Lemma right_cauchy_ratr w : right_cauchy_on (range ratr) w -> right_cauchy_on setT w.
Proof.
move=> Hw k; have [m Hm] := Hw k; exists m => x y _ _ xm ym.
apply/ler_addgt0Pr => e e0; have e2 : 0 < e / 2 by rewrite divr_gt0.
have [/andP[x0 _] /andP[y0 _]] := conj xm ym.
have [dx dx0 Hx] := u_right_cont w x0 e2; have [dy dy0 Hy] := u_right_cont w y0 e2.
have [q qm qx] := ratr_approx xm dx0; have [q' q'm q'y] := ratr_approx ym dy0.
have qq' := Hm _ _ (ex_intro2 _ _ q I erefl) (ex_intro2 _ _ q' I erefl) qm q'm.
have [/andP[q0 _] /andP[q'0 _]] := conj qm q'm.
have hx := Hx _ q0 qx; have hy := Hy _ q'0 q'y; rewrite distrC in hx.
have := ler_normD (u x w - u (ratr q) w) (u (ratr q) w - u y w).
have := ler_normD (u (ratr q) w - u (ratr q') w) (u (ratr q') w - u y w).
rewrite !addrA !subrK.
by move: (k.+1%:R^-1 : R) qq' => K ? ? ?; lra.
Qed.

Lemma measurable_right_lim_set : measurable [set w | exists c, right_lim w c].
Proof.
have -> : [set w | exists c, right_lim w c] = [set w | right_cauchy_on (range ratr) w].
  apply/seteqP; split => w /=; last by move=> /right_cauchy_ratr /right_cauchy_lim.
  by move=> [c /right_lim_cauchy Hw] k; have [m Hm] := Hw k; exists m => x y _ _; apply: Hm.
exact: measurable_right_cauchy_ratr.
Qed.

End RightLimit.

Section BoundaryMeasurable.
Variable R : realType.
Local Notation C := R[i].
Local Open Scope complex_scope.

Definition cmeasurable (f : R -> C) :=
  measurable_fun setT (fun w => complex.Re (f w)) /\
  measurable_fun setT (fun w => complex.Im (f w)).

Lemma cmeasurable_ccontinuous_line (f : R -> C) : ccontinuous_line f -> cmeasurable f.
Proof.
by move=> f_cont; split; apply: continuous_measurable_fun;
  [exact: continuous_Re_line | exact: continuous_Im_line].
Qed.

Lemma bv_limitP (F : C -> C) w b : bv_limit F w b <->
  right_lim (fun x w => complex.Re (F (cpt x w))) w (complex.Re b) /\
  right_lim (fun x w => complex.Im (F (cpt x w))) w (complex.Im b).
Proof.
split=> [Hb|[Hre Him] e e0].
  by split=> e /Hb[d d0 Hd]; exists d => // x x0 /(Hd x x0);
    [exact: distRe_lt | exact: distIm_lt].
have e2 : 0 < e / 2 by rewrite divr_gt0.
have [d1 d10 H1] := Hre _ e2; have [d2 d20 H2] := Him _ e2.
exists (Num.min d1 d2); first by rewrite lt_min d10 d20.
move=> x x0; rewrite lt_min => /andP[xd1 xd2].
apply: le_lt_trans (cnorm_le_normReIm _) _; rewrite !raddfB /= (splitr e).
by rewrite ltrD ?H1 ?H2.
Qed.

Lemma measurable_bv_limit_set (F : C -> C) : rhp_continuous F ->
  measurable [set w | exists b, bv_limit F w b].
Proof.
move=> F_cont.
have -> : [set w | exists b, bv_limit F w b] =
    [set w | exists c, right_lim (fun x w => complex.Re (F (cpt x w))) w c] `&`
    [set w | exists c, right_lim (fun x w => complex.Im (F (cpt x w))) w c].
  apply/seteqP; split => w /=.
    by move=> [b /bv_limitP[? ?]]; split; [exists (complex.Re b) | exists (complex.Im b)].
  by move=> [[c1 ?] [c2 ?]]; exists (Complex c1 c2); apply/bv_limitP; split.
apply: measurableI; apply: measurable_right_lim_set.
- exact: continuous_horizontal (@distRe_lt R) F_cont.
- exact: continuous_vertical (@distRe_lt R) F_cont.
- exact: continuous_horizontal (@distIm_lt R) F_cont.
- exact: continuous_vertical (@distIm_lt R) F_cont.
Qed.

Lemma cmeasurable_bv (F : C -> C) : rhp_continuous F -> cmeasurable (bv F).
Proof.
move=> F_cont; have mA := measurable_bv_limit_set F_cont.
have bv_lim w : (exists b, bv_limit F w b) -> bv_limit F w (bv F w).
  by move=> [b Hb]; rewrite (bvE Hb).
have bv0 w : ~ (exists b, bv_limit F w b) -> bv F w = 0.
  by move=> nA; apply: bv_default => b Hb; apply: nA; exists b.
split.
  apply: (measurable_fun_right_lim (continuous_horizontal (@distRe_lt R) F_cont) mA) => w.
    by move=> /bv_lim /bv_limitP[].
  by move=> /bv0 ->.
apply: (measurable_fun_right_lim (continuous_horizontal (@distIm_lt R) F_cont) mA) => w.
  by move=> /bv_lim /bv_limitP[].
by move=> /bv0 ->.
Qed.

End BoundaryMeasurable.

Section ComplexIntegral.
Variable R : realType.
Local Notation C := R[i].
Local Notation mu := (@lebesgue_measure R).
Local Open Scope complex_scope.

Lemma integrable_lincomb (a b : R) (p q r : R -> R) :
  mu.-integrable setT (EFin \o p) -> mu.-integrable setT (EFin \o q) ->
  mu.-integrable setT (EFin \o r) ->
  mu.-integrable setT (EFin \o (fun w => a * p w + b * q w + r w)).
Proof.
move=> ip iq ir; apply: (eq_integrable measurableT _ _ _ (integrableD measurableT
  (integrableD measurableT (integrableZl measurableT a ip) (integrableZl measurableT b iq)) ir)).
by move=> w _ /=; rewrite !EFinD !EFinM.
Qed.

Lemma Rintegral_lincomb (a b : R) (p q r : R -> R) :
  mu.-integrable setT (EFin \o p) -> mu.-integrable setT (EFin \o q) ->
  mu.-integrable setT (EFin \o r) ->
  Rintegral mu setT (fun w => a * p w + b * q w + r w) =
  a * Rintegral mu setT p + b * Rintegral mu setT q + Rintegral mu setT r.
Proof.
move=> ip iq ir.
have iap : mu.-integrable setT (EFin \o (fun w => a * p w)).
  by apply: (eq_integrable measurableT _ _ _ (integrableZl measurableT a ip)) => w _ /=;
    rewrite EFinM.
have ibq : mu.-integrable setT (EFin \o (fun w => b * q w)).
  by apply: (eq_integrable measurableT _ _ _ (integrableZl measurableT b iq)) => w _ /=;
    rewrite EFinM.
have iapbq : mu.-integrable setT (EFin \o (fun w => a * p w + b * q w)).
  by apply: (eq_integrable measurableT _ _ _ (integrableD measurableT iap ibq)) => w _ /=;
    rewrite EFinD.
rewrite RintegralD // RintegralD //.
by rewrite (RintegralZl _ measurableT ip) (RintegralZl _ measurableT iq).
Qed.

Lemma Rintegral_ae_eq (p q : R -> R) (N : set R) :
  measurable_fun setT p -> measurable_fun setT q -> mu.-negligible N ->
  (forall w, ~ N w -> p w = q w) -> Rintegral mu setT p = Rintegral mu setT q.
Proof.
move=> mp mq nN pq; rewrite /Rintegral; congr fine.
apply: ae_eq_integral => //; try exact/measurable_EFinP.
apply: (negligibleS _ nN) => w /= npq; apply: contrapT => nNw; apply: npq => _.
by rewrite pq.
Qed.

Lemma Re_lin (c a b : C) : complex.Re (c * a + b) =
  complex.Re c * complex.Re a + (- complex.Im c) * complex.Im a + complex.Re b.
Proof. by case: c => ? ?; case: a => ? ?; case: b => ? ? /=; ring. Qed.

Lemma Im_lin (c a b : C) : complex.Im (c * a + b) =
  complex.Re c * complex.Im a + complex.Im c * complex.Re a + complex.Im b.
Proof. by case: c => ? ?; case: a => ? ?; case: b => ? ? /=; ring. Qed.

Definition cintegrable (f : R -> C) :=
  mu.-integrable setT (EFin \o (fun w => complex.Re (f w))) /\
  mu.-integrable setT (EFin \o (fun w => complex.Im (f w))).

Definition cintegral (f : R -> C) : C :=
  Complex (Rintegral mu setT (fun w => complex.Re (f w)))
          (Rintegral mu setT (fun w => complex.Im (f w))).

Lemma cintegrable_lin (c : C) (f g : R -> C) : cintegrable f -> cintegrable g ->
  cintegrable (fun w => c * f w + g w).
Proof.
move=> [fr fi] [gr gi]; split.
  by under eq_fun do rewrite Re_lin; exact: integrable_lincomb.
by under eq_fun do rewrite Im_lin; exact: integrable_lincomb.
Qed.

══════════════════════════════

EXERCISE GOAL: The answer must be a single number: how many lines of the data hold the word "Definition".

EXERCISE ANSWER: 3